## Work instructions
Lines to return, exactly: from the line with "Definition is_svt m" to the line with "next_cell c d ==>" in the entries below, both included.

+++

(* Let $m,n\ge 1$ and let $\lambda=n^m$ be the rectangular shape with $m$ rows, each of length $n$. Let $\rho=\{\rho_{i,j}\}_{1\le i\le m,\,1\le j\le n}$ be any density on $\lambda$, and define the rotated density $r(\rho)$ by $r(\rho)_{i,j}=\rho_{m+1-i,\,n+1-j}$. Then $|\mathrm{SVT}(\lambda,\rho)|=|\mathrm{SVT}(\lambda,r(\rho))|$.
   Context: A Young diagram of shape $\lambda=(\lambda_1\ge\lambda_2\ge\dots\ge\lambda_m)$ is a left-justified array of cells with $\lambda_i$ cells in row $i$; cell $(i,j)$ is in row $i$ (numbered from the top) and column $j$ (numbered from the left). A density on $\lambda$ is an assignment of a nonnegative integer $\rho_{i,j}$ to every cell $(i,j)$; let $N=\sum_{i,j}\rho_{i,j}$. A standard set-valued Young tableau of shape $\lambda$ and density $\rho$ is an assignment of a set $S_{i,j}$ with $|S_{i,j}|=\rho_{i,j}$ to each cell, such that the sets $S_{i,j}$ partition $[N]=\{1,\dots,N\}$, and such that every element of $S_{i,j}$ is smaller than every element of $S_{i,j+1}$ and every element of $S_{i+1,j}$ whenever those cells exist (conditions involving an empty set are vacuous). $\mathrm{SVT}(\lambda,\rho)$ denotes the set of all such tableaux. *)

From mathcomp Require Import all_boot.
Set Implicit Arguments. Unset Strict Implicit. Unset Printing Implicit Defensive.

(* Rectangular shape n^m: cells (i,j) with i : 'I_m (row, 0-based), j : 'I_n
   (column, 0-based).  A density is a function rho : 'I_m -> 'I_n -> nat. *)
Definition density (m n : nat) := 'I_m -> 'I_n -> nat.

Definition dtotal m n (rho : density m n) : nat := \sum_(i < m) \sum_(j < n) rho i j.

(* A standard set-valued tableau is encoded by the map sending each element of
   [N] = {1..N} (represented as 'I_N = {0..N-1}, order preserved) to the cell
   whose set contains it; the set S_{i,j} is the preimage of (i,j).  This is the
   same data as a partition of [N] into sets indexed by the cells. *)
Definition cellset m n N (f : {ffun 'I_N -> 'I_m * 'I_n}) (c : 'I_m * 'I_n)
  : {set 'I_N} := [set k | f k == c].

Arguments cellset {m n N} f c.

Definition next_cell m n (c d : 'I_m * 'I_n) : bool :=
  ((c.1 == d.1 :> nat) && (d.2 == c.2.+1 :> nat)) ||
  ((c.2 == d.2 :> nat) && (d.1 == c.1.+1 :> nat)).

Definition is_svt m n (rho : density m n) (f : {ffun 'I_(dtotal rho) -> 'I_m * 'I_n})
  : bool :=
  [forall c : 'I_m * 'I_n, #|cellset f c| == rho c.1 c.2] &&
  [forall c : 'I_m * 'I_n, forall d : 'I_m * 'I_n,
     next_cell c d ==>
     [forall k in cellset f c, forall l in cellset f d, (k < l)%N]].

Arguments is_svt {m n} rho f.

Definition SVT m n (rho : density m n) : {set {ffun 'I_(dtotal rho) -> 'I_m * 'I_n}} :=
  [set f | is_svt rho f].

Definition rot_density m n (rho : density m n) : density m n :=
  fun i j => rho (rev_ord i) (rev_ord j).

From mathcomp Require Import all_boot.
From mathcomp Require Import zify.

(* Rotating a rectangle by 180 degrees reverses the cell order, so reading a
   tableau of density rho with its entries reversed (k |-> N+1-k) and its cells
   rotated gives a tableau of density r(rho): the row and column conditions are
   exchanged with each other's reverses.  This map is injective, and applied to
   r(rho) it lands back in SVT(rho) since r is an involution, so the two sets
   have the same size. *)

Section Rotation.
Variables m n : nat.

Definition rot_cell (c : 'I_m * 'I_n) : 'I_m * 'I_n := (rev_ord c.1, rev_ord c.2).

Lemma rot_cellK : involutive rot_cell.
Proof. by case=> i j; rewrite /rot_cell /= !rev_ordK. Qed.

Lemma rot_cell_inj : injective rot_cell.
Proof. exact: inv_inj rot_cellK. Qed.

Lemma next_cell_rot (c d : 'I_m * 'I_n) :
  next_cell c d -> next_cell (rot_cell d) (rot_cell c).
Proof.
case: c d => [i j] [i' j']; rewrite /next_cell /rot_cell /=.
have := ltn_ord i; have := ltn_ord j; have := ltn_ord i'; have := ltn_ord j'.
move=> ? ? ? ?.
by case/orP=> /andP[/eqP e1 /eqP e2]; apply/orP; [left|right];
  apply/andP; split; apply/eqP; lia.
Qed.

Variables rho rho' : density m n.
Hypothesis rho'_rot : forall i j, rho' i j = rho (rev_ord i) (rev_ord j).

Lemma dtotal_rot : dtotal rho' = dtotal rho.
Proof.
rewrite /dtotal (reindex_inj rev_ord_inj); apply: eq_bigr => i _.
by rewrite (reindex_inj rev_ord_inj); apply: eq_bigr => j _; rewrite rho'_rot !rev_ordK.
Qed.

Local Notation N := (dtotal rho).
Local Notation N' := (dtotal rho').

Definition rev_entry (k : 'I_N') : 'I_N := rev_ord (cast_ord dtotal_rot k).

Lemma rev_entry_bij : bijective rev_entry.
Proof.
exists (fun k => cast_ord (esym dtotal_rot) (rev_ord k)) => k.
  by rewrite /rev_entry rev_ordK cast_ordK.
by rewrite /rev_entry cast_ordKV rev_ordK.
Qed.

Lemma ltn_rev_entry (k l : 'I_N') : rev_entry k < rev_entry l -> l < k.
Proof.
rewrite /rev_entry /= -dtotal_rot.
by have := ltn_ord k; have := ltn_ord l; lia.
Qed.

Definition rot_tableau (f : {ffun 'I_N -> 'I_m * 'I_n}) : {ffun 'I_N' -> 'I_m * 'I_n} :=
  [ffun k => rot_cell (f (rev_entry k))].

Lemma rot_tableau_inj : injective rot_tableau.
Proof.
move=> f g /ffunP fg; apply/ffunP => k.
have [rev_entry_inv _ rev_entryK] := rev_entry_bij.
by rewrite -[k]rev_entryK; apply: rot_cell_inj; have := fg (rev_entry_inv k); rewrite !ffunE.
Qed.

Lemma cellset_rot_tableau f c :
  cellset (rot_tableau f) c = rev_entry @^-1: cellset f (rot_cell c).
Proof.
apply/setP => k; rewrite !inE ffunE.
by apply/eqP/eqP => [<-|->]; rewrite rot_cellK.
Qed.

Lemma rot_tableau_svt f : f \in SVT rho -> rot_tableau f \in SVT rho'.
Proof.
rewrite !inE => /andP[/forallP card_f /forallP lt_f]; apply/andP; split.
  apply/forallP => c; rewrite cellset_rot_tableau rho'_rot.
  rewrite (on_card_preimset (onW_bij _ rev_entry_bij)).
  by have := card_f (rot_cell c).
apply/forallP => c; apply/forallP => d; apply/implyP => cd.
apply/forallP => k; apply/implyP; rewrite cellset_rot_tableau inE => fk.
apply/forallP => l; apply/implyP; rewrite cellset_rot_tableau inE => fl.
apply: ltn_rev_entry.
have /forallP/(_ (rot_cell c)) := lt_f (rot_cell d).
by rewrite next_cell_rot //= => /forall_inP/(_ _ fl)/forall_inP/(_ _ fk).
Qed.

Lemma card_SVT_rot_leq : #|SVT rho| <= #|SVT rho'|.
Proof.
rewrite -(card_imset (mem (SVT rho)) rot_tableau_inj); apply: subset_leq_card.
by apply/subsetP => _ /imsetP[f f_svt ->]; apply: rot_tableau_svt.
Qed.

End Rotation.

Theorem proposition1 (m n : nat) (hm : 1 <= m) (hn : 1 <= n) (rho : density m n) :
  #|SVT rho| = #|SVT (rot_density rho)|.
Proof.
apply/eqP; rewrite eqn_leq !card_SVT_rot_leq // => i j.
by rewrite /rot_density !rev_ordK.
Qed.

+++

## Your solution
Definition is_svt m n (rho : density m n) (f : {ffun 'I_(dtotal rho) -> 'I_m * 'I_n})
  : bool :=
  [forall c : 'I_m * 'I_n, #|cellset f c| == rho c.1 c.2] &&
  [forall c : 'I_m * 'I_n, forall d : 'I_m * 'I_n,
     next_cell c d ==>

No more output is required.